The organizational justice has three basic dimensions (i) distributive justice (Adams, 1965) which analyzes the perceived fairness of the employees on what they receive from the organization, that is, the distribution of resources; (ii) procedural justice (Thibaut and Walker, 1975) that regards to methods and processes that the organization has, for example, selection processes and performance evaluation; and lastly; (iii) interactional justice (Bies and Moag, 1986) that involves employee perceptions about interpersonal treatment received by managers before and after the implementation of the evaluation process, such as promotions and salary increases (Simons and Roberson, 2003).

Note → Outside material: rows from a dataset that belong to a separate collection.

(* Let $f:\mathbb R^n\to\mathbb R$ be a non-degenerate polynomial with $f(0)=0$. Then $$L_e(f)=\sup\{h(a):a\in R_1\},\qquad R_1=\{a\in\mathbb R^n_{\ge0}:0\le m_f(a)\le1\}.$$
   Context: Write $f=\sum_\nu c_\nu x^\nu$. $\Gamma_+(f)$ is the convex hull of $\bigcup_{c_\nu\ne0}(\nu+\mathbb R^n_{\ge0})$. For $a\in\mathbb R^n_{\ge0}$: $m_f(a)=\min\{\langle a,\nu\rangle:\nu\in\Gamma_+(f)\}$, $\gamma_f(a)=\{\nu\in\Gamma_+(f):\langle a,\nu\rangle=m_f(a)\}$, $s(a)=\sum_ia_i$, $h(a)=m_f(a)-s(a)$. For a face $\gamma$, $f_\gamma=\sum_{\nu\in\gamma}c_\nu x^\nu$; $f$ is non-degenerate if for every compact face $\gamma$, $\nabla f_\gamma$ does not vanish at points of $(\mathbb R^* )^n$ where $f_\gamma=0$. On $\mathbb R^n_{\ge0}$ put $a\sim b$ iff $\gamma_f(a)=\gamma_f(b)$; this gives a subdivision of $\mathbb R^n_{\ge0}$ into cones; $\Gamma^{(1)}(f)$ is the set of primitive integer generators of its one-dimensional cones and $\Gamma^{(1)}_+(f)=\{a\in\Gamma^{(1)}(f):m_f(a)>0\}$. The leading exponent is $L_e(f)=\sup\bigl(\{0\}\cup\{1-s(a)/m_f(a):a\in\Gamma^{(1)}_+(f)\}\bigr)$. *)

From HB Require Import structures.
From mathcomp Require Import all_boot all_order all_algebra.
From mathcomp Require Import boolp classical_sets reals.
From mathcomp Require Import mpoly.

Set Implicit Arguments.
Unset Strict Implicit.
Unset Printing Implicit Defensive.

Import Order.TTheory GRing.Theory Num.Theory.
Local Open Scope ring_scope.
Local Open Scope classical_set_scope.

Section Newton.
Variables (R : realType) (n : nat).
Implicit Types (f : {mpoly R[n]}) (a b x y : 'I_n -> R).

Definition dotv a x : R := \sum_(i < n) a i * x i.
Definition sv a : R := \sum_(i < n) a i.
Definition nonneg a : Prop := forall i, 0 <= a i.
Definition expv (m : 'X_{1..n}) : 'I_n -> R := fun i => (m i)%:R.

Definition shifted_supp f : set ('I_n -> R) :=
  [set x | exists2 m, m \in msupp f & forall i, expv m i <= x i].

Definition conv_hull (S : set ('I_n -> R)) : set ('I_n -> R) :=
  [set x | exists k (w : 'I_k -> R) (p : 'I_k -> ('I_n -> R)),
     [/\ forall j, 0 <= w j, \sum_(j < k) w j = 1, forall j, S (p j) &
         forall i, x i = \sum_(j < k) w j * p j i]].

Definition Gamma_plus f : set ('I_n -> R) := conv_hull (shifted_supp f).

Definition m_f f a : R := inf [set dotv a x | x in Gamma_plus f].

Definition gamma_f f a : set ('I_n -> R) :=
  [set x | Gamma_plus f x /\ dotv a x = m_f f a].

Definition h_f f a : R := m_f f a - sv a.

(* faces of Gamma_+(f): the sets gamma_f(a), a in R^n_{>=0}; compact = bounded
   (these faces are closed) *)
Definition compact_face f (g : set ('I_n -> R)) : Prop :=
  (exists2 a, nonneg a & g = gamma_f f a) /\
  exists M : R, forall x, g x -> forall i, `|x i| <= M.

Definition f_face f (g : set ('I_n -> R)) : {mpoly R[n]} :=
  \sum_(m <- msupp f | `[< g (expv m) >]) f@_m *: 'X_[m].

Definition newton_nondegenerate f : Prop :=
  forall g, compact_face f g ->
  forall x, (forall i, x i != 0) -> meval x (f_face f g) = 0 ->
  exists i, meval x (mderiv i (f_face f g)) != 0.

(* a ~ b iff gamma_f(a) = gamma_f(b) (on R^n_{>=0}).  The cone (equivalence class)
   of a is one-dimensional with generator a iff a <> 0 and the class of a
   spans the line R a. *)
Definition one_dim_cone_gen f a : Prop :=
  nonneg a /\ a <> (fun _ => 0) /\
  forall b, nonneg b -> gamma_f f b = gamma_f f a -> exists t : R, b = (fun i => t * a i).

Definition primitive_int a : Prop :=
  exists k : 'I_n -> nat, (forall i, a i = (k i)%:R) /\ \big[gcdn/0%N]_(i < n) k i = 1%N.

Definition Gamma1 f : set ('I_n -> R) :=
  [set a | one_dim_cone_gen f a /\ primitive_int a].
Definition Gamma1_plus f : set ('I_n -> R) :=
  [set a | Gamma1 f a /\ 0 < m_f f a].

Definition L_e f : R :=
  sup ([set 0] `|` [set 1 - sv a / m_f f a | a in Gamma1_plus f]).

Definition R_1 f : set ('I_n -> R) :=
  [set a | nonneg a /\ 0 <= m_f f a <= 1].

End Newton.

From HB Require Import structures.
From mathcomp Require Import all_boot all_order all_algebra mpoly.
From mathcomp Require Import boolp classical_sets reals ring lra zify.

(* Since h(a) = m_f(a) (1 - s(a)/m_f(a)) <= 1 - s(a)/m_f(a) on R_1, with equality
   once a is rescaled to m_f(a) = 1, both sides equal max(0, 1 - inf s/m_f).  The
   infimum of s over { a >= 0 : m_f(a) >= 1 } is a linear program over the polyhedron
   { a >= 0 : <a, nu> >= 1 for nu in supp f }; it is attained at a vertex.  A vertex
   is rational, and any c >= 0 defining the same face of Gamma_+(f) is a multiple of
   it, so its primitive integer multiple lies in Gamma^(1)_+(f). *)

Set Implicit Arguments.
Unset Strict Implicit.
Unset Printing Implicit Defensive.
Import Order.TTheory GRing.Theory Num.Theory.
Local Open Scope ring_scope.
Local Open Scope classical_set_scope.

Lemma exists_seq_argmin (R : realType) (T : eqType) (s : seq T) (F : T -> R) :
  s != [::] -> exists2 x, x \in s & forall y, y \in s -> F x <= F y.
Proof.
elim: s => // x s IH _.
have [->|/IH [z zs Hz]] := eqVneq s [::].
  by exists x; rewrite ?mem_head // => y; rewrite inE => /eqP ->.
have [Fxz|Fzx] := lerP (F x) (F z).
  exists x; first exact: mem_head.
  by move=> y; rewrite inE => /orP [/eqP ->//|/Hz]; apply: le_trans.
exists z; first by rewrite inE zs orbT.
by move=> y; rewrite inE => /orP [/eqP ->|/Hz //]; apply: ltW.
Qed.

Section DotvLinear.
Variables (R : realType) (n : nat).
Implicit Types (a x y : 'I_n -> R) (t : R).

Lemma dotvC a x : dotv a x = dotv x a.
Proof. by apply: eq_bigr => i _; rewrite mulrC. Qed.

Lemma dotv_addl a b t x :
  dotv (fun i => a i + t * b i) x = dotv a x + t * dotv b x.
Proof.
by rewrite /dotv mulr_sumr -big_split; apply: eq_bigr => i _; rewrite mulrDl mulrA.
Qed.

Lemma dotv_addr a x y t :
  dotv a (fun i => x i + t * y i) = dotv a x + t * dotv a y.
Proof. by rewrite !(dotvC a) dotv_addl. Qed.

Lemma dotv_scalel a t x : dotv (fun i => t * a i) x = t * dotv a x.
Proof. by rewrite /dotv mulr_sumr; apply: eq_bigr => i _; rewrite mulrA. Qed.

Lemma dotv_oppr a x : dotv a (fun i => - x i) = - dotv a x.
Proof. by rewrite /dotv -sumrN; apply: eq_bigr => i _; rewrite mulrN. Qed.

Lemma sv_ge0 a : nonneg a -> 0 <= sv a.
Proof. by move=> a_ge0; apply: sumr_ge0 => i _. Qed.

Lemma dotv1l x : dotv (fun _ => 1) x = sv x.
Proof. by apply: eq_bigr => i _; rewrite mul1r. Qed.

Lemma sv_scale a t : sv (fun i => t * a i) = t * sv a.
Proof. by rewrite /sv mulr_sumr. Qed.

End DotvLinear.

Section PolyhedronVertex.
Variables (R : realType) (n k : nat) (A : 'I_k -> 'I_n -> R) (b : 'I_k -> R).
Variable c : 'I_n -> R.
Implicit Types x y d : 'I_n -> R.

Definition feasible x := forall j, b j <= dotv (A j) x.
Definition active x : {set 'I_k} := [set j | dotv (A j) x == b j].
Definition is_vertex x :=
  forall d, (forall j, j \in active x -> dotv (A j) d = 0) -> d = (fun _ => 0).

Hypothesis recession_cost_pos : forall d,
  (forall j, 0 <= dotv (A j) d) -> dotv c d <= 0 -> d = (fun _ => 0).

Lemma nonvertex_descent x : feasible x -> ~ is_vertex x ->
  exists y, [/\ feasible y, dotv c y <= dotv c x & active x \proper active y].
Proof.
move=> Fx /existsNP [d /not_implyP [Hd d_neq0]].
have [e [He ce e_neq0]] : exists e, [/\ forall j, j \in active x -> dotv (A j) e = 0,
    dotv c e <= 0 & e <> (fun _ => 0)].
  have [cd_le0|cd_gt0] := lerP (dotv c d) 0; first by exists d.
  exists (fun i => - d i); split.
  - by move=> j /Hd; rewrite dotv_oppr => ->; rewrite oppr0.
  - by rewrite dotv_oppr oppr_le0 ltW.
  - move=> nd_eq0; apply: d_neq0; apply/funext => i.
    by apply/eqP; rewrite -oppr_eq0; apply/eqP; apply: (congr1 (fun g => g i) nd_eq0).
have [j1 Aj1e] : exists j, dotv (A j) e < 0.
  apply: contrapT => /forallNP Ae_ge0; apply: e_neq0; apply: recession_cost_pos => // j.
  by rewrite leNgt; apply/negP => ?; apply: (Ae_ge0 j).
(* Ratio test: the largest step along e keeping every constraint satisfied, at which
   some constraint j0 not active at x becomes active. *)
pose step j := (dotv (A j) x - b j) / - dotv (A j) e.
case: (@arg_minP _ _ _ j1 (fun j => dotv (A j) e < 0) step Aj1e) => j0 Aj0e step_min.
pose t := step j0.
have t_ge0 : 0 <= t by rewrite divr_ge0 ?subr_ge0 ?Fx // oppr_ge0 ltW.
exists (fun i => x i + t * e i); split.
- move=> j; rewrite dotv_addr.
  have [Aje_ge0|Aje_lt0] := lerP 0 (dotv (A j) e).
    have := Fx j; have : 0 <= t * dotv (A j) e by rewrite mulr_ge0.
    lra.
  have := step_min j Aje_lt0; rewrite /step ler_pdivlMr ?oppr_gt0 // mulrN -/(step j0) -/t.
  lra.
- rewrite dotv_addr; have : t * dotv c e <= 0 by rewrite mulr_ge0_le0.
  lra.
- apply/properP; split.
  + apply/fintype.subsetP => j j_act.
    by move: (j_act); rewrite !inE dotv_addr He // mulr0 addr0.
  + exists j0; last by apply/negP => /He /eqP; rewrite lt_eqF.
    rewrite inE dotv_addr /t /step; apply/eqP; field.
    by rewrite lt_eqF.
Qed.

Lemma exists_vertex_le x : feasible x ->
  exists y, [/\ feasible y, dotv c y <= dotv c x & is_vertex y].
Proof.
have card_active_le y : (#|active y| <= k)%N by rewrite -[X in (_ <= X)%N]card_ord max_card.
move: {-1}(k - #|active x|)%N (leqnn (k - #|active x|)) => m.
elim: m x => [|m IH] x bound Fx;
  have [vx|nvx] := pselect (is_vertex x); try by exists x.
  have [y [_ _ /proper_card]] := nonvertex_descent Fx nvx.
  by have := card_active_le y; lia.
have [y [Fy cy /proper_card grow]] := nonvertex_descent Fx nvx.
have [|z [Fz cz vz]] := IH y _ Fy; first by have := card_active_le y; lia.
by exists z; split => //; apply: le_trans cy.
Qed.

End PolyhedronVertex.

In the current research, organizational justice was related to trust and retaliatory attitudes, considering that trust can be defined as the expectation that a person has, group or company in an ethically justifiable behavior, morally correct decisions and actions based on ethical analysis principles from other person, group or company (Hosmer, 1995). The organizational trust has been explored in the literature and results show that formal control practices may, in some cases, affect employees' organizational trust (Weibel, Den Hartog, Gillespie, Searle, Seis, and Skinner 2016).

Concerning to the retaliatory attitudes, important to note that the fairness perception at work and attitudes that the individual may have, can take place in a different way, since it depends on each individual emotional state, reflecting a component of retaliatory attitudes, the affective. This component involves serious indignation considering an unfair context, which promotes resentment, disappointment and contempt. The second component, the conative, is related to the probability or the individual's tendency to behave consciously in a particular way, to reflect the trend of the organization itself (Mendonca and Mendes, 2005).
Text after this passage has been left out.